▶ [What this task involves]:
Go through the entries below and pick out every line with "apply".

▶ [Data records]:

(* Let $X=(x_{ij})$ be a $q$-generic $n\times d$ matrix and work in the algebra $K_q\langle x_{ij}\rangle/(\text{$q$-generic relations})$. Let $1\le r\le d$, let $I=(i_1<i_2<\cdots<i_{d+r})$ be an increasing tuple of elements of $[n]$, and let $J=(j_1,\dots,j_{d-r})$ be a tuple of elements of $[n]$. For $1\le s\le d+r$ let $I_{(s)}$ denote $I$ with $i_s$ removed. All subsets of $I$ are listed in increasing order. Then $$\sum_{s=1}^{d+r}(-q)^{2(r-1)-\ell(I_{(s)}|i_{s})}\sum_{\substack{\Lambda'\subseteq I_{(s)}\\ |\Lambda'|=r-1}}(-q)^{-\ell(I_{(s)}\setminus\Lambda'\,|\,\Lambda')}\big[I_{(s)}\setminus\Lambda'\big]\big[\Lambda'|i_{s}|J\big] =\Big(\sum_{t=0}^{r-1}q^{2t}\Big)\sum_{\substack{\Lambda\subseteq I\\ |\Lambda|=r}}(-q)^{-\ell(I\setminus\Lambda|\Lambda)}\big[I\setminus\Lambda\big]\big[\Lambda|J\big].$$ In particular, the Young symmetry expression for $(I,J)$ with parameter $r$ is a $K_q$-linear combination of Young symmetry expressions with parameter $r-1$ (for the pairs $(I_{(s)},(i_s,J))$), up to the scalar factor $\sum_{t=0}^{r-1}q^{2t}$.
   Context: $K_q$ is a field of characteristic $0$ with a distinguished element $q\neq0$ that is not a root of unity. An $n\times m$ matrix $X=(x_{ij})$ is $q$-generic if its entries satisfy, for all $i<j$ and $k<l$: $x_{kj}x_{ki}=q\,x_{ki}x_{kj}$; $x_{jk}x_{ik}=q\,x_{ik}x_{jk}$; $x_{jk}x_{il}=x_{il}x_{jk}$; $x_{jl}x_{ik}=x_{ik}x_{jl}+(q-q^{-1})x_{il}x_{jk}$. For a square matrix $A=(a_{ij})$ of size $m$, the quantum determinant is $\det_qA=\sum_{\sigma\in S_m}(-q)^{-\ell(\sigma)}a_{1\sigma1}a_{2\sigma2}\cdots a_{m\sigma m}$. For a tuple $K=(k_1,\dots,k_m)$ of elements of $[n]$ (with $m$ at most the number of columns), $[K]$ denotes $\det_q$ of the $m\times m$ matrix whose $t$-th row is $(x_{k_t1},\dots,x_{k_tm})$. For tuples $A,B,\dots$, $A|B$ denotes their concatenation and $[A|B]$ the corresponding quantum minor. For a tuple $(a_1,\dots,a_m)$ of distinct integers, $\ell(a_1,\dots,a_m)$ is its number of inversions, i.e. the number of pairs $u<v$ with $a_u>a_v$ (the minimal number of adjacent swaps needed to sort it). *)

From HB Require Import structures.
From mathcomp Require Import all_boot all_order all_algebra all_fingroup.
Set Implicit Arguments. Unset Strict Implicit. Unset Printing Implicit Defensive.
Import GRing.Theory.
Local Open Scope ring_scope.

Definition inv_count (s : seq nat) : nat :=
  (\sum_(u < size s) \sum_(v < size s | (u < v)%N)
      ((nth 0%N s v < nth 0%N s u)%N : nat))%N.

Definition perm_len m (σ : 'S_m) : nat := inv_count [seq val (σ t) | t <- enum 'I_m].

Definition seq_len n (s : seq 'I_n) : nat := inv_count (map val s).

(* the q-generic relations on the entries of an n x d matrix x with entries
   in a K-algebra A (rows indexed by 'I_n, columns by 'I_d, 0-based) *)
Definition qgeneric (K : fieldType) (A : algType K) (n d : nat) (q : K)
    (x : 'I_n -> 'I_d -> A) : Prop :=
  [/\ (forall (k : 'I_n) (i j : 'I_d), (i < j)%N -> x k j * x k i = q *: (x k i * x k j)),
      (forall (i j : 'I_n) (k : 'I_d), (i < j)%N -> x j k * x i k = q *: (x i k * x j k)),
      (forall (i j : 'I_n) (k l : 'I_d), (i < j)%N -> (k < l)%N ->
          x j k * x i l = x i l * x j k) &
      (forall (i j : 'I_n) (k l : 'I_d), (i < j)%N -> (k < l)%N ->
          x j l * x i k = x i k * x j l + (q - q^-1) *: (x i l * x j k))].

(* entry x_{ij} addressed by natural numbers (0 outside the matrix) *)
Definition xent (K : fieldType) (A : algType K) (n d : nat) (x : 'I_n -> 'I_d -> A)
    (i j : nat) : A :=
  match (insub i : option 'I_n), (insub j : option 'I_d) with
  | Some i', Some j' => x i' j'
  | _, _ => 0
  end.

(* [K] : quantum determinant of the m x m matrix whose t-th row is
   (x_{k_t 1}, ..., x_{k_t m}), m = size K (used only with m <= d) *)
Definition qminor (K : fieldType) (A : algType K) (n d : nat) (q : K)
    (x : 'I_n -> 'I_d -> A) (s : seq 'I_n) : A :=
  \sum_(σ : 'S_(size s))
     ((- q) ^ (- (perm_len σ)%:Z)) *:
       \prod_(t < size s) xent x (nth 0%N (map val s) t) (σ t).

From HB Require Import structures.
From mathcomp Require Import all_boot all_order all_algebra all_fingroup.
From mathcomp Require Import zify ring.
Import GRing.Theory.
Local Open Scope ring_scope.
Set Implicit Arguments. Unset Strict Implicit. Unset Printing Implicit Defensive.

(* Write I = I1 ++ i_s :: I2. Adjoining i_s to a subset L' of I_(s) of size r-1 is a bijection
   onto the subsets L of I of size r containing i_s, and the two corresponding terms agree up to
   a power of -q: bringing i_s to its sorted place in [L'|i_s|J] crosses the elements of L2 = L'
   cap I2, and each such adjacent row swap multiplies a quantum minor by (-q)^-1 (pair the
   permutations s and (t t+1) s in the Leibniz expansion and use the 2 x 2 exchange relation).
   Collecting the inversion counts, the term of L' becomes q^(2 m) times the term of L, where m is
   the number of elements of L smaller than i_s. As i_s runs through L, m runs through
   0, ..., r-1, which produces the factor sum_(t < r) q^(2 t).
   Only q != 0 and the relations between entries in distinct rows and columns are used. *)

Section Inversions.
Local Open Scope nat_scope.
---
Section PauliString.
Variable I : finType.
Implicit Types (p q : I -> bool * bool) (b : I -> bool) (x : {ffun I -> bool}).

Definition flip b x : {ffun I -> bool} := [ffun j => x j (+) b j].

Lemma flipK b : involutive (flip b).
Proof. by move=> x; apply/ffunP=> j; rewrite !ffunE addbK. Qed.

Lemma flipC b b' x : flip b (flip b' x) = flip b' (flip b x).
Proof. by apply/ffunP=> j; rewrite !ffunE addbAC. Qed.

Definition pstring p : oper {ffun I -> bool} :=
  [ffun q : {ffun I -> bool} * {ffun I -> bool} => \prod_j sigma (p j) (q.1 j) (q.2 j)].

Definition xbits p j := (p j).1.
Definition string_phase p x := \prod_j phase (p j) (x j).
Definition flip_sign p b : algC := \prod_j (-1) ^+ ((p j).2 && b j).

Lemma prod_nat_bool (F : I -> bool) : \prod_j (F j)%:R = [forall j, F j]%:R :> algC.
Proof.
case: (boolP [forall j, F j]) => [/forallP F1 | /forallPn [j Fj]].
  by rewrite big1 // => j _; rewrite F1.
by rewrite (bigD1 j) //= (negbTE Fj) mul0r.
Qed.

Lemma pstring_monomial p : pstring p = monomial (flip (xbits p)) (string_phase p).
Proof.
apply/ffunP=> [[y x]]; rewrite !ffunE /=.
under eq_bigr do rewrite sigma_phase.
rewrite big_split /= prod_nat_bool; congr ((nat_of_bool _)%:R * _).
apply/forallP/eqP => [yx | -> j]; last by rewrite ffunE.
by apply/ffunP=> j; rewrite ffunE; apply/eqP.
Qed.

▶ [The completed task]:
Proof. by move=> x; apply/ffunP=> j; rewrite !ffunE addbK. Qed.
Proof. by apply/ffunP=> j; rewrite !ffunE addbAC. Qed.
apply/ffunP=> [[y x]]; rewrite !ffunE /=.
apply/forallP/eqP => [yx | -> j]; last by rewrite ffunE.
by apply/ffunP=> j; rewrite ffunE; apply/eqP.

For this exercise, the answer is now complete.